> I was thinking about the traditional Unix view of a "swap slice", e.g. a
> settop-box may only have flash memory and no swap disk/slice etc.

I think that in this case, as long as you don't configure the flash disk
to be part of a swap partition, the kernel will reserve physical memory
as swap instead.

> > If you have a fininite amount of resource, using MAP_NORESERVE means
> > that your failure mode for overuse will be non-deterministic.  I.e.
> > you'll get a SIGBUS or SIGSEGV when you try to write to the stack and a
> > page cannot be allocated. 
> 
> ... my point is that if the machine only has 128MB and no swap (disk) is
> available (e.g. LiveDVD) then every single wasted memory page is one too
> much. 

I don't understand this reasoning.  I agree that we don't want to waste
memory in this situation.  However, in the case of 128MB mem and no swap
device, a call to anon_resvmem() will simply deduct the amount of memory
that is available to the system by the size of the requested
reservation.

This is necessary because we've taken a pagefault in the stack at this
address and need pages to back the VA we've allocated.  As far as I
understand it, these pages aren't being wasted because we're _using_
them as part of the stack.

> AFAIK (looking at pmap output of a few processes of a B48/SPARC
> machine) many processes never use all the stack they reserve by default.
> Even if one process uses it's stack more extensively the others won't do
> that, leaving lots of memory pages reserved but unused.

I disagree with this statement.  The anon reservation is made at the
time the stack pages are allocated.  This happens when we get a
pagefault in the process' stack.  The memory will only be reserved if it
is going to be used by the process.  This is because the pagefault
occurs when the unmapped area of the stack is accessed.

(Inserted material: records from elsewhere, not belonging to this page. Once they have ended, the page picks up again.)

(* In the setting described in the context, assume the non-degeneracy condition (for every $i\neq i'$ there exists $n$ with $\Lambda_{ni}\neq\Lambda_{ni'}$), and let $U_\circ$ be an exact joint triangularizer of $\{M_n\}$ and $U=U_\circ e^{\alpha X}$ ($X=-X^T$, $\|X\|=1$, $\alpha>0$) an approximate joint triangularizer of $\{\hat M_n\}$ whose $\alpha$ satisfies $\alpha\le2\sqrt2\,\sigma\|\tilde T^{-1}\|_2\sqrt{\sum_n\|M_n\|^2}\sqrt{\sum_n\|W_n\|^2}+O((\alpha+\sigma)^2)$, with $\tilde T=\sum_n\tilde t_n^T\tilde t_n$, $\tilde t_n=P_{\rm low}(1\otimes U_\circ^TM_n^TU_\circ-U_\circ^TM_nU_\circ\otimes1)P_{\rm low}^T$. For all $n$ and $i$ let $\hat\lambda_i(\hat M_n)=[U^T\hat M_nU]_{ii}$ and $\lambda_i(M_n)=[U_\circ^TM_nU_\circ]_{ii}$. Then for all $n=1,\dots,N$ and $i=1,\dots,d$, $$|\hat\lambda_i(\hat M_n)-\lambda_i(M_n)|\le2\alpha\|M_n\|+\sigma\|W_n\|+O(\alpha^2).$$
   Context: All matrices are real; $\|\cdot\|$ is the Frobenius norm, $\|\cdot\|_2$ the spectral norm. ${\rm low}(A)$ is the strictly lower-triangular part of $A$; $\otimes$ the Kronecker product; $1$ the identity. $P_{\rm low}\in\{0,1\}^{\frac{d(d-1)}2\times d^2}$ has as rows the standard basis row vectors of $\mathbb R^{d^2}$ selecting (in increasing order) the entries of the column-wise vectorization of a matrix corresponding to its strictly lower-triangular entries. Model: $\hat M_n=M_n+\sigma W_n$, $M_n=V\,{\rm diag}(\Lambda_{n1},\dots,\Lambda_{nd})V^{-1}$, $n=1,\dots,N$, $V$ real invertible, $\Lambda_{ni}$ real, $\sigma>0$, $\|W_n\|\le1$. Exact joint triangularizer of $\{M_n\}$: orthogonal $U_\circ$ with ${\rm low}(U_\circ^TM_nU_\circ)=0$ for all $n$. Approximate joint triangularizer of $\{\hat M_n\}$: solution (stationary point) of $\min_{U\in\mathbb O(d)}\sum_n\|{\rm low}(U^T\hat M_nU)\|^2$. Inequalities are first-order, valid up to the indicated second-order terms. *)

From HB Require Import structures.
From mathcomp Require Import all_boot all_order all_algebra.
From mathcomp Require Import all_classical all_reals all_analysis.
Set Implicit Arguments. Unset Strict Implicit. Unset Printing Implicit Defensive.
Import Order.TTheory GRing.Theory Num.Theory.
Import numFieldNormedType.Exports.
Local Open Scope classical_set_scope.
Local Open Scope ring_scope.

Section Defs.
Variable R : realType.

Definition frob (m n : nat) (A : 'M[R]_(m, n)) : R :=
  Num.sqrt (\sum_(i < m) \sum_(j < n) A i j ^+ 2).

Definition specnorm (m n : nat) (A : 'M[R]_(m, n)) : R :=
  sup [set frob (A *m x) | x in [set x : 'cV[R]_n | frob x <= 1]].

Definition low (d : nat) (A : 'M[R]_d) : 'M[R]_d :=
  \matrix_(i, j) (if (j < i)%N then A i j else 0).

(* entry (i,j) of A given natural-number indices (0 if out of range) *)
Definition mxat (m n : nat) (A : 'M[R]_(m, n)) (i j : nat) : R :=
  \sum_(i' < m | val i' == i) \sum_(j' < n | val j' == j) A i' j'.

> Some (very wrong and raw) calculations:
> Imagine a system has 50 processes where each process has a 8MB stack:
> 50*8MB=400MB
> If each process only uses 1MB of it's 8MB reserved stack memory you
> "waste" ~~350MB (in theory)

I'm not sure I understand where you're getting 8MB as a size for a
stack?  A random sample of processes that I pmap'd had a 16k-24k stack.

> One option would be to reduce the default stack size - but that causes
> trouble for applications which have been optimized to use more stack
> (which adds some nasty error/failure cases anyway) - therefore it may
> (IMO) be better to keep the current stack size at it's current value and
> change the way how the stack memory is reserved 

The stack size is grown as needed.  The memory isn't reserved until we
grow the stack.

> (since the average stack usage of all processes is _far_ below the
> maximum stack size).

Yes, and therefore the amount of anonymous memory reserved is, on
average, much smaller than the maximum stack size.

> Right... but in the case of a LiveDVD (which is mainly used for
> demostration) it (AFAIK) matters more that it _runs_ on small machines -
> the correctness is AFAIK secondary in this case (e.g. the "correct"
> approach for a permanent installation would be the creation of a swap
> slice and turn the proposed flag "off").

I think it needs to do both: run and be correct.  Is there an actual
problem you're seeing with a LiveDVD?